Genes play a role in our likelihood of developing depression, and one of the most extensive studies of its kind has now been able to link 293 previously unknown genetic variations to the devastating condition.
The international team of researchers behind the study says it opens up opportunities for depression treatments that are more bespoke and personalized – because they can be based around each person’s genetic make-up.
They identified new genetic risk factors in all major global populations, which means scientists can predict depression risk across ethnicities. It also gives experts a much deeper understanding of the impact of genes on the condition, which can then help in improving treatments.
The study used anonymized data from more than five million people. (Major Depressive Disorder Working Group of the Psychiatric Genomics Consortium, Cell, 2025)”There are huge gaps in our understanding of clinical depression that limit opportunities to improve outcomes for those affected,” says biological psychiatrist Andrew McIntosh, from the University of Edinburgh in the UK.
“Larger and more globally representative studies are vital to provide the insights needed to develop new and better therapies, and prevent illness in those at higher risk of developing the condition.”
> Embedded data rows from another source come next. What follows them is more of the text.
Lemma USI_Ki_average (I : finType) (R : realType) (G : game I R)
    (C : compression G) i :
  wf_game G -> USI C i ->
  exists avg : strat G i -> strat G i,
    (forall s, K_based C (avg s)) /\
    forall g, valid_profile g ->
      valid_profile (deviate g (avg (g i))) /\
      forall j, payoff (deviate g (avg (g i))) j = payoff g j.
Proof.
move=> wfG [F [Phi F_Phi_factor]]; exists (Ki_average F); split.
  by move=> s; exists (fun t k => avgK F s k).
move=> g vg; split; first exact: valid_Ki_averaged.
by move=> j; apply: (payoff_Ki_averaged wfG F_Phi_factor).
Qed.

Section ReplaceAll.
Variables (I : finType) (R : realType) (G : game I R).
Variable avg : forall i, strat G i -> strat G i.
Hypothesis avg_neutral : forall i (g : profile G), valid_profile g ->
  valid_profile (deviate g (avg (g i))) /\
  forall j, payoff (deviate g (avg (g i))) j = payoff g j.

Definition replace_on (L : seq I) (g : profile G) : profile G :=
  fun j => if j \in L then avg (g j) else g j.
Arguments replace_on L g i : clear implicits.

Lemma replace_on_neutral L (g : profile G) : valid_profile g ->
  valid_profile (replace_on L g) /\ forall j, payoff (replace_on L g) j = payoff g j.
Proof.
elim: L => [|i L IHL] vg.
  by have -> : replace_on [::] g = g by apply: functional_extensionality_dep.
have [iL|iNL] := boolP (i \in L).
  suff -> : replace_on (i :: L) g = replace_on L g by exact: IHL.
  apply: functional_extensionality_dep => j; rewrite /replace_on inE.
  by have [->|] := eqVneq j i; rewrite ?iL.
have -> : replace_on (i :: L) g = deviate (replace_on L g) (avg (replace_on L g i)).
  apply: functional_extensionality_dep => j; have [->|ji] := eqVneq j i.
    by rewrite deviate_same /replace_on inE eqxx (negbTE iNL).
  by rewrite deviate_other // /replace_on inE (negbTE ji).
have [vL payoffL] := IHL vg; have [vi payoffi] := avg_neutral i vL.
by split=> // j; rewrite payoffi payoffL.
Qed.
The genetic cross-referencing was based on data from 688,808 people diagnosed with major depression and 4.3 million people without the condition, across 29 countries and a wide range of ethnicities – making this the largest study of depression and genetics to date.
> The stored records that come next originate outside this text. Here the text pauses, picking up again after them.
(* Let $n,t,k$ be integers with $n\geq 2t\geq 2$ and $k\geq 2$. Then \[C_k(n,t)\leq k^t A_k(n-2t,0^t),\] where $0^t$ denotes the word consisting of $t$ zeros.
   Context: Words are over $\Sigma_k=\{0,1,\ldots,k-1\}$. A border of a word $w$ is a non-empty word that is both a proper prefix and a proper suffix of $w$. A word $w$ is closed by a word $u$ if $u$ is a border of $w$ and $u$ occurs exactly twice in $w$ as a factor (overlapping occurrences counted). $C_k(n,t)$ denotes the number of words of length $n$ over $\Sigma_k$ that are closed by some word of length $t$. $A_k(m,v)$ denotes the number of words of length $m$ over $\Sigma_k$ that do not contain $v$ as a factor (for $m=0$ the empty word is counted). *)

From mathcomp Require Import all_boot.
Set Implicit Arguments. Unset Strict Implicit. Unset Printing Implicit Defensive.

(* Words over Sigma_k = {0,...,k-1}: a word of length n is an n.-tuple of 'I_k;
   combinatorial predicates are stated on the underlying letter sequence
   (map val w : seq nat). *)

Definition occ (u w : seq nat) : nat :=
  count (fun i => take (size u) (drop i w) == u) (iota 0 (size w - size u).+1).

Definition is_border (u w : seq nat) : bool :=
  [&& 0 < size u, size u < size w,
      take (size u) w == u & drop (size w - size u) w == u].

Definition closed_by (u w : seq nat) : bool := is_border u w && (occ u w == 2).

(* C_k(n,t): words of length n over Sigma_k closed by some word of length t
   (the closing word is necessarily over Sigma_k, being a factor of w) *)
Definition Ck (k n t : nat) : nat :=
  #|[set w : n.-tuple 'I_k |
      [exists u : t.-tuple 'I_k, closed_by (map val u) (map val w)]]|.

Definition Ak (k m : nat) (v : seq nat) : nat :=
  #|[set w : m.-tuple 'I_k | occ v (map val w) == 0]|.

From mathcomp Require Import all_boot perm zify.

(* A word closed by a word u of length t is u m u where u is not a factor of m,
   since a third occurrence of u would appear otherwise.  Encode m with a
   transducer driven by u whose state r is the length of the current match of m
   against a prefix of u: a letter equal to u_r is written as 0 and advances the
   state, any other letter a is written as its image under the transposition
   (u_r 0) and resets the state.  The code is injective, and a run of t zeros in
   it can only come from t consecutive matches, i.e. from an occurrence of u in m.
   Hence w |-> (u, code of m) injects the words closed by a word of length t into
   pairs of a word of length t and a word of length n - 2t avoiding 0^t. *)

Set Implicit Arguments.
Unset Strict Implicit.
Unset Printing Implicit Defensive.

Lemma occ_nil (v : seq nat) : occ v [::] = (v == [::]).
Proof. by rewrite /occ /= addn0 eq_sym. Qed.

Lemma occ_cons (v : seq nat) a w : occ v (a :: w) = prefix v (a :: w) + occ v w.
Proof.
rewrite prefixE {1}/occ [in LHS]/= -[iota 1 _]/(iota (1 + 0) _) iotaDl count_map.
congr (_ + _).
have [le_vw|lt_wv] := leqP (size v) (size w); first by rewrite subSn.
rewrite (eqP lt_wv) /occ (eqP (ltnW lt_wv)) /= addn0 drop0 take_oversize ?(ltnW lt_wv) //.
by case: eqP lt_wv => // ->; rewrite ltnn.
Qed.

Lemma occ_gt0 (v w : seq nat) : (0 < occ v w) = infix v w.
Proof.
elim: w => [|a w IHw]; first by rewrite occ_nil infixs0 lt0b.
by rewrite occ_cons infix_consl addn_gt0 lt0b IHw.
Qed.

Lemma leq_occ_catl (v s w : seq nat) : occ v w <= occ v (s ++ w).
Proof.
elim: s => [|a s IHs] //=.
by rewrite occ_cons (leq_trans IHs) ?leq_addl.
Qed.

Lemma ltn_occ_cat_self (v w : seq nat) : 0 < size v -> occ v w < occ v (v ++ w).
Proof.
case: v => [|a v] // _.
by rewrite cat_cons occ_cons -cat_cons prefix_prefix add1n ltnS leq_occ_catl.
Qed.

Lemma occ_sandwich_gt2 (v m : seq nat) :
  0 < size v -> infix v m -> 2 < occ v (v ++ m ++ v).
Proof.
move=> v_gt0 /infixP[p [s ->]]; rewrite -!catA.
apply: leq_trans _ (ltn_occ_cat_self _ v_gt0); rewrite ltnS.
apply: leq_trans _ (leq_occ_catl _ p _).
apply: leq_trans _ (ltn_occ_cat_self _ v_gt0); rewrite ltnS.
apply: leq_trans _ (leq_occ_catl _ s _).
by rewrite occ_gt0 infix_refl.
Qed.

Definition middle {T : Type} (t : nat) (s : seq T) := take (size s - 2 * t) (drop t s).

Section SeqFacts.
Variable T : eqType.
Implicit Types (s u w : seq T).

Lemma prefix_map (T' : eqType) (f : T -> T') s1 s2 :
  injective f -> prefix (map f s1) (map f s2) = prefix s1 s2.
Proof. by move=> inj_f; rewrite !prefixE size_map -map_take (inj_eq (inj_map inj_f)). Qed.

Lemma infix_map (T' : eqType) (f : T -> T') s1 s2 :
  injective f -> infix (map f s1) (map f s2) = infix s1 s2.
Proof.
move=> inj_f; elim: s2 => [|a s2 IHs2]; first by rewrite !infixs0; case: s1.
by rewrite !infix_consl -map_cons prefix_map // IHs2.
Qed.

Lemma nseq_cat_cons (x : T) n s : nseq n x ++ x :: s = nseq n.+1 x ++ s.
Proof. by elim: n => //= n ->. Qed.

Lemma prefix_nseq_cat_cons (z b : T) r t s :
  b != z -> r < t -> prefix (nseq t z) (nseq r z ++ b :: s) = false.
Proof.
move=> bz; elim: r t => [|r IHr] [|t] //=; first by rewrite eq_sym (negbTE bz).
by rewrite eqxx ltnS => /IHr.
Qed.

Lemma infix_nseq_cat_cons (z b : T) r t s :
  b != z -> r < t -> infix (nseq t z) (nseq r z ++ b :: s) = infix (nseq t z) s.
Proof.
move=> bz; elim: r => [|r IHr] lt_rt.
  by rewrite infix_consl (prefix_nseq_cat_cons (r := 0)).
by rewrite infix_consl (prefix_nseq_cat_cons (r := r.+1)) // IHr // ltnW.
Qed.

Lemma size_middle t s : size (middle t s) = size s - 2 * t.
Proof. by rewrite size_takel // size_drop leq_sub2l // leq_pmull. Qed.

Lemma map_middle (T' : eqType) (f : T -> T') t s : map f (middle t s) = middle t (map f s).
Proof. by rewrite /middle map_take map_drop size_map. Qed.

Lemma border_split u s : 2 * size u <= size s ->
  take (size u) s = u -> drop (size s - size u) s = u -> s = u ++ middle (size u) s ++ u.
Proof.
move=> le_2u_s pre_u suf_u.
rewrite -{1}(cat_take_drop (size u) s) pre_u; congr (u ++ _).
rewrite -(cat_take_drop (size s - 2 * size u) (drop (size u) s)) drop_drop.
congr (_ ++ _); rewrite -[in RHS]suf_u; congr drop; lia.
Qed.
End SeqFacts.

Lemma closed_by_split (u w : seq nat) : 2 * size u <= size w -> closed_by u w ->
  w = u ++ middle (size u) w ++ u /\ ~~ infix u (middle (size u) w).
Proof.
move=> le_2u_w /andP[/and4P[u_gt0 _ /eqP pre_u /eqP suf_u] /eqP occ2].
have w_split := border_split le_2u_w pre_u suf_u.
split=> //; apply/negP => /(occ_sandwich_gt2 u_gt0).
by rewrite -w_split occ2.
Qed.

Lemma tperm_eqR (T : finType) (x y a : T) : (tperm x y a == y) = (a == x).
Proof. by rewrite -[X in _ == X](tpermL x y) (inj_eq perm_inj). Qed.

Section MatchCode.
Variables (T : finType) (z : T) (u : seq T).

Fixpoint match_code (r : nat) (x : seq T) : seq T :=
  if x is a :: x' then
    let c := nth z u r in tperm c z a :: match_code (if a == c then r.+1 else 0) x'
  else [::].

Lemma size_match_code r x : size (match_code r x) = size x.
Proof. by elim: x r => //= a x IHx r; rewrite IHx. Qed.

Lemma match_code_inj r : injective (match_code r).
Proof.
move=> x1 x2; elim: x1 r x2 => [|a x1 IHx1] r [|b x2] //= [/perm_inj <-].
by move/IHx1 ->.
Qed.

Lemma match_code_blank_run r x : r <= size u ->
  infix (nseq (size u) z) (nseq r z ++ match_code r x) -> infix u (take r u ++ x).
Proof.
elim: x r => [|a x IHx] r; rewrite leq_eqVlt => /orP[/eqP-> _|lt_ru].
- by rewrite take_size cats0 infix_refl.
- by rewrite !cats0 => /size_infix; rewrite !size_nseq leqNgt lt_ru.
- by rewrite take_size prefix_infix.
rewrite /=; case: eqVneq => [->|a_neq].
  rewrite tpermL nseq_cat_cons => /(IHx _ lt_ru).
  by rewrite (take_nth z lt_ru) cat_rcons.
rewrite infix_nseq_cat_cons ?tperm_eqR // => /(IHx _ (leq0n _)).
by rewrite take0 => /(infix_catl (take r u ++ [:: a])); rewrite -catA.
Qed.

Lemma match_code_blank_free x : infix (nseq (size u) z) (match_code 0 x) -> infix u x.
Proof. by move/(match_code_blank_run (leq0n _)); rewrite take0. Qed.
End MatchCode.

Section ClosedWords.
Variables (k n t : nat).
Hypotheses (k_gt0 : 0 < k) (le_2t_n : 2 * t <= n).

Let z : 'I_k := Ordinal k_gt0.

Let le_t_n : t <= n := leq_trans (leq_pmull t (isT : 0 < 2)) le_2t_n.

Definition closed_words : {set n.-tuple 'I_k} :=
  [set w : n.-tuple 'I_k | [exists u : t.-tuple 'I_k, closed_by (map val u) (map val w)]].

Definition border_word (w : n.-tuple 'I_k) : t.-tuple 'I_k :=
  tcast (minn_idPl le_t_n) [tuple of take t w].

Lemma code_tupleP (w : n.-tuple 'I_k) :
  size (match_code z (border_word w) 0 (middle t w)) == n - 2 * t.
Proof. by rewrite size_match_code size_middle size_tuple. Qed.

Definition code (w : n.-tuple 'I_k) := (border_word w, Tuple (code_tupleP w)).

Lemma closed_wordP (w : n.-tuple 'I_k) : w \in closed_words ->
  w = border_word w ++ middle t w ++ border_word w :> seq 'I_k /\
  ~~ infix (border_word w) (middle t w).
Proof.
rewrite inE => /existsP[u].
have le_2u_w : 2 * size (map val u) <= size (map val w) by rewrite !size_map !size_tuple.
case/(closed_by_split le_2u_w); rewrite size_map size_tuple -map_middle -!map_cat.
rewrite infix_map; last exact: val_inj.
move=> /(inj_map val_inj) w_split u_free.
suff -> : border_word w = u :> seq 'I_k by [].
by rewrite val_tcast /= w_split take_size_cat ?size_tuple.
Qed.

Lemma code_inj : {in closed_words &, injective code}.
Proof.
move=> w1 w2 /closed_wordP[w1_split _] /closed_wordP[w2_split _] [eq_b].
rewrite eq_b => /match_code_inj eq_m.
by apply: val_inj; rewrite /= w1_split w2_split eq_b eq_m.
Qed.

Lemma code_closed_word w : w \in closed_words ->
  code w \in setX [set: t.-tuple 'I_k]
                  [set m : (n - 2 * t).-tuple 'I_k | occ (nseq t 0) (map val m) == 0].
Proof.
move=> /closed_wordP[_ free]; rewrite !inE /= -[0]/(val z) -map_nseq eqn0Ngt occ_gt0.
rewrite infix_map; last exact: val_inj.
apply: contra free; rewrite -[in nseq t z](size_tuple (border_word w)).
exact: match_code_blank_free.
Qed.

Lemma card_closed_words : Ck k n t <= k ^ t * Ak k (n - 2 * t) (nseq t 0).
Proof.
rewrite -[Ck k n t]/#|closed_words| -(card_in_imset code_inj).
rewrite -[k in k ^ t]card_ord -card_tuple -cardsT -cardsX.
apply/subset_leq_card/subsetP => _ /imsetP[w /code_closed_word ? ->] //.
Qed.
End ClosedWords.

Theorem lemma7 (n t k : nat) :
  1 <= t -> 2 * t <= n -> 2 <= k ->
  Ck k n t <= k ^ t * Ak k (n - 2 * t) (nseq t 0).
Proof.
move=> _ le_2t_n lt_1k.
exact: card_closed_words (ltnW lt_1k) le_2t_n.
Qed.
A huge proportion of the discovered gene variants were found because nearly a quarter of the study participants were from diverse, non-European ancestries. That means in the future we should be able to predict depression more accurately, and treat it more effectively, across any population.
While each variant only increases depression risk by a small amount, having several in combination can be significant. These genetic influences add to other risk factors for depression, including how we sleep and what we eat.
“These findings show depression is highly polygenic and open up downstream pathways to translate these findings into better care for people with depression,” says genetic epidemiologist Cathryn Lewis, from King’s College London.
The researchers were also able to tie the genetic variants they identified with specific types of brain neurons, and in particular excitatory neurons in the hippocampus and amygdala brain regions.
That not only tells us more about the brain changes that can come along with or trigger depression, but also reveals more about how depression is linked to other problems in the brain, like anxiety or Alzheimer’s disease.
Ultimately, depression is a combination of a multitude of factors – it’s a condition with causes and consequences that vary for everyone – but this new research means we’re much better informed about the genetic components of those differences.
“Our study identifies hundreds of additional genetic variants that play a role in depression,” says Lewis. “Depression is a highly prevalent disorder and we still have a lot to learn about its biological underpinnings.”
The research has been published in Cell.